━━━━━ Supplied entries

Lemma Ck_prim_0 k : Ck 0 upper k -> Ck 0 upper (prim k).
Proof.
  intros Hk ch0 H0 HH0 eps. unfold upper in HH0.
  set (R0 := Rabs ch0 + 1).
  assert (HR0 : 0 < R0) by (unfold R0; pose proof (Rabs_pos ch0); lra).
  assert (Hch0 : - (R0 - 1) <= ch0 <= R0 - 1) by (apply Rabs_le_between; unfold R0; lra).
  assert (Kc : forall x y, - R0 <= x <= R0 -> H0 / 2 <= y <= 2 * H0 -> continuity_2d_pt k x y)
    by (intros x y _ Hy; apply Hk; unfold upper; lra).
  destruct (continuity_2d_bounded k (- R0) R0 (H0 / 2) (2 * H0)) as [B HB]; try lra; auto.
  assert (HB0 : 0 <= B) by (eapply Rle_trans; [apply Rabs_pos | apply (HB 0 H0)]; lra).
  assert (e1 : 0 < eps / (2 * R0)) by (apply Rdiv_lt_0_compat; [apply cond_pos | lra]).
  destruct (uniform_continuity_2d k (- R0) R0 (H0 / 2) (2 * H0) Kc (mkposreal _ e1)) as [d Hd].
  simpl in Hd.
  assert (e2 : 0 < Rmin (Rmin 1 (eps / (2 * (B + 1)))) (Rmin (H0 / 2) d)).
  { repeat apply Rmin_pos; try lra; try apply cond_pos.
    apply Rdiv_lt_0_compat; [apply cond_pos | lra]. }
  exists (mkposreal _ e2). simpl. intros u v Hu Hv.
  pose proof (Rmin_l (Rmin 1 (eps / (2 * (B + 1)))) (Rmin (H0 / 2) d)).
  pose proof (Rmin_r (Rmin 1 (eps / (2 * (B + 1)))) (Rmin (H0 / 2) d)).
  pose proof (Rmin_l 1 (eps / (2 * (B + 1)))). pose proof (Rmin_r 1 (eps / (2 * (B + 1)))).
  pose proof (Rmin_l (H0 / 2) d). pose proof (Rmin_r (H0 / 2) d).
  assert (Hv' : H0 / 2 <= v <= 2 * H0) by (apply Rabs_lt_between' in Hv; lra).
  assert (Hu' : - R0 <= u <= R0) by (apply Rabs_lt_between' in Hu; lra).
  eapply Rle_lt_trans.
  { apply (prim_sub_bound k u v ch0 H0 R0 B (eps / (2 * R0))); auto; try lra.
    intros s Hs. apply Rlt_le, Hd; auto; try lra.
    rewrite Rminus_eq_0, Rabs_R0. apply cond_pos. }
  assert (Rabs (u - ch0) * B <= eps / (2 * (B + 1)) * B) by (apply Rmult_le_compat_r; lra).
  assert (eps / (2 * (B + 1)) * B < eps / 2).
  { apply Rlt_le_trans with (eps / (2 * (B + 1)) * (B + 1)); [|right; field; lra].
    apply Rmult_lt_compat_l; [apply Rdiv_lt_0_compat; [apply cond_pos | lra] | lra]. }
  assert (Rabs ch0 * (eps / (2 * R0)) < eps / 2).
  { apply Rlt_le_trans with (R0 * (eps / (2 * R0))); [|right; field; lra].
    apply Rmult_lt_compat_r; [auto | unfold R0; lra]. }
  lra.
Qed.

Lemma prim_differentiable (k k2 : R -> R -> R) ch H :
  Ck 0 upper k -> Ck 0 upper k2 ->
  (forall s H, 0 < H -> is_derive (fun z => k s z) H (k2 s H)) -> 0 < H ->
  differentiable_pt_lim (prim k) ch H (k ch H) (prim k2 ch H).
Proof.
  intros Hk Hc2 Hk2 HH. apply differentiable_pt_lim_partials.
  - apply locally_2d_impl with (2 := locally_2d_upper ch H HH), locally_2d_forall.
    intros u v Hv. now apply prim_partial1.
  - now apply Hk.
  - unfold prim.
    assert (E : RInt (fun s => k2 s H) 0 ch = RInt (fun t => Derive (fun u => k t u) H) 0 ch).
    { apply RInt_ext. intros x _. symmetry. now apply is_derive_unique, Hk2. }
    rewrite E. apply (is_derive_RInt_param (fun z s => k s z) 0 ch H).
    + apply filter_imp with (2 := open_gt 0 H HH). intros y Hy t _. eexists; now apply Hk2.
    + intros t _. intros e. destruct (Hc2 t H HH e) as [r Hr].
      assert (Hr' : 0 < Rmin r H) by (apply Rmin_pos; [apply cond_pos | lra]).
      exists (mkposreal _ Hr'). simpl. intros u v Hu Hv.
      pose proof (Rmin_l r H). pose proof (Rmin_r r H).
      apply Rabs_lt_between' in Hu as Hu'.
      simpl. replace (Derive (fun z => k v z) u) with (k2 v u)
        by (symmetry; apply is_derive_unique, Hk2; lra).
      replace (Derive (fun z => k t z) H) with (k2 t H)
        by (symmetry; now apply is_derive_unique, Hk2).
      apply Hr; lra.
    + apply filter_imp with (2 := open_gt 0 H HH). intros y Hy. now apply ex_RInt_slice.
Qed.

Lemma Ck_prim n k : Ck n upper k -> Ck n upper (prim k).
Proof.
  revert k; induction n as [|n IH]; intros k Hk; [now apply Ck_prim_0|].
  pose proof (Ck_continuity _ _ _ Hk) as Hkc.
  destruct Hk as (k1 & k2 & Dk & Hk1 & Hk2).
  exists k, (prim k2). split; [|split].
  - intros ch H HH. apply prim_differentiable; [exact Hkc | | | exact HH].
    + exact (Ck_le n 0 _ _ (Nat.le_0_l n) Hk2).
    + intros s H' HH'. now apply (is_derive_partial2 _ _ _ (k1 s H')), Dk.
  - apply Ck_S. exists k1, k2. auto.
  - now apply IH.
Qed.

Lemma linearization_lipschitz L1 L2 dc dH dQ eta :
  0 < L1 -> 0 <= eta <= L1 / 2 ->
  Rabs (dQ - (L1 * dc + L2 * dH)) <= eta * Rmax (Rabs dc) (Rabs dH) ->
  Rmax (Rabs dc) (Rabs dH) <= (2 + 2 * Rabs L2 + L1) / L1 * Rmax (Rabs dQ) (Rabs dH).
Proof.
  intros HL1 Heta Hr. set (r := dQ - (L1 * dc + L2 * dH)) in Hr.
  assert (Lin : L1 * Rabs dc <= Rabs dQ + Rabs L2 * Rabs dH + Rabs r).
  { rewrite <- (Rabs_pos_eq L1), <- !Rabs_mult by lra.
    replace (L1 * dc) with (dQ + - (L2 * dH) + - r) by (unfold r; ring).
    pose proof (Rabs_triang (dQ + - (L2 * dH)) (- r)).
    pose proof (Rabs_triang dQ (- (L2 * dH))). rewrite !Rabs_Ropp in *. lra. }
  pose proof (Rabs_pos L2). pose proof (Rabs_pos dc). pose proof (Rabs_pos dH).
  pose proof (Rmax_l (Rabs dQ) (Rabs dH)). pose proof (Rmax_r (Rabs dQ) (Rabs dH)).
  apply (Rmult_le_reg_l L1); auto.
  replace (L1 * ((2 + 2 * Rabs L2 + L1) / L1 * Rmax (Rabs dQ) (Rabs dH)))
    with ((2 + 2 * Rabs L2 + L1) * Rmax (Rabs dQ) (Rabs dH)) by (field; lra).
  apply Rmax_case_strong; intros Hm.
  - rewrite Rmax_left in Hr by exact Hm.
    assert (eta * Rabs dc <= L1 / 2 * Rabs dc) by (apply Rmult_le_compat_r; lra).
    assert (Rabs L2 * Rabs dH <= Rabs L2 * Rmax (Rabs dQ) (Rabs dH))
      by (apply Rmult_le_compat_l; lra).
    nra.
  - nra.
Qed.

Section Inverse.
Variables (Phi Phi1 Phi2 chiF : R -> R -> R).
Hypothesis Phi_diff :
  forall ch H, 0 < H -> differentiable_pt_lim Phi ch H (Phi1 ch H) (Phi2 ch H).
Hypothesis Phi1_pos : forall ch H, 0 < H -> 0 < Phi1 ch H.
Hypothesis Phi_incr : forall a b H, 0 < H -> a < b -> Phi a H < Phi b H.
Hypothesis Phi_chiF : forall Q H, 0 < H -> Phi (chiF Q H) H = Q.

Lemma inverse_continuity Q0 H0 : 0 < H0 -> continuity_2d_pt chiF Q0 H0.
Proof.
  intros HH0 e. set (c0 := chiF Q0 H0).
  assert (E0 : Phi c0 H0 = Q0) by now apply Phi_chiF.
  assert (G1 : Q0 < Phi (c0 + e) H0) by (rewrite <- E0; apply Phi_incr; destruct e; simpl; lra).
  assert (G2 : Phi (c0 - e) H0 < Q0) by (rewrite <- E0; apply Phi_incr; destruct e; simpl; lra).
  pose proof (Rmin_l (Phi (c0 + e) H0 - Q0) (Q0 - Phi (c0 - e) H0)) as g1.
  pose proof (Rmin_r (Phi (c0 + e) H0 - Q0) (Q0 - Phi (c0 - e) H0)) as g2.
  set (gap := Rmin (Phi (c0 + e) H0 - Q0) (Q0 - Phi (c0 - e) H0)) in *.
  assert (Hg : 0 < gap / 2) by (unfold gap; apply Rmin_case; lra).
  assert (Cont : forall c, continuity_2d_pt Phi c H0).
  { intros c. apply differentiable_continuity_pt. do 2 eexists. now apply Phi_diff. }
  destruct (Cont (c0 + e) (mkposreal _ Hg)) as [d1 Hd1].
  destruct (Cont (c0 - e) (mkposreal _ Hg)) as [d2 Hd2].
  assert (Hd : 0 < Rmin (Rmin d1 d2) (Rmin (gap / 2) H0)).
  { repeat apply Rmin_pos; try apply cond_pos; lra. }
  exists (mkposreal _ Hd). simpl. intros Q H HQ HH.
  pose proof (Rmin_l (Rmin d1 d2) (Rmin (gap / 2) H0)) as m1.
  pose proof (Rmin_r (Rmin d1 d2) (Rmin (gap / 2) H0)) as m2.
  pose proof (Rmin_l d1 d2) as m3. pose proof (Rmin_r d1 d2) as m4.
  pose proof (Rmin_l (gap / 2) H0) as m5. pose proof (Rmin_r (gap / 2) H0) as m6.
  assert (Hp : 0 < H) by (apply Rabs_lt_between' in HH; lra).
  specialize (Hd1 (c0 + e) H). specialize (Hd2 (c0 - e) H). simpl in Hd1, Hd2.
  rewrite Rminus_eq_0, Rabs_R0 in Hd1, Hd2.
  specialize (Hd1 (cond_pos _) ltac:(lra)). specialize (Hd2 (cond_pos _) ltac:(lra)).
  apply Rabs_lt_between' in Hd1, Hd2, HQ.
  assert (EQ := Phi_chiF Q H Hp).
  (* Phi (c0 - e) H < Q < Phi (c0 + e) H, which pins chiF Q H by monotonicity *)
  apply Rabs_lt_between'. split.
  - destruct (Rlt_le_dec (c0 - e) (chiF Q H)) as [L|L]; auto.
    destruct (Req_dec (c0 - e) (chiF Q H)) as [E|N]; [rewrite <- E in EQ; lra|].
    assert (Phi (chiF Q H) H < Phi (c0 - e) H) by (apply Phi_incr; lra). lra.
  - destruct (Rlt_le_dec (chiF Q H) (c0 + e)) as [L|L]; auto.
    destruct (Req_dec (c0 + e) (chiF Q H)) as [E|N]; [rewrite <- E in EQ; lra|].
    assert (Phi (c0 + e) H < Phi (chiF Q H) H) by (apply Phi_incr; lra). lra.
Qed.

━━━━━━━━━━

> _Task directions_: Read through the lines above and collect those that contain the string "exact".

> _Result_:
  - intros ch H HH. apply prim_differentiable; [exact Hkc | | | exact HH].
    + exact (Ck_le n 0 _ _ (Nat.le_0_l n) Hk2).
  - rewrite Rmax_left in Hr by exact Hm.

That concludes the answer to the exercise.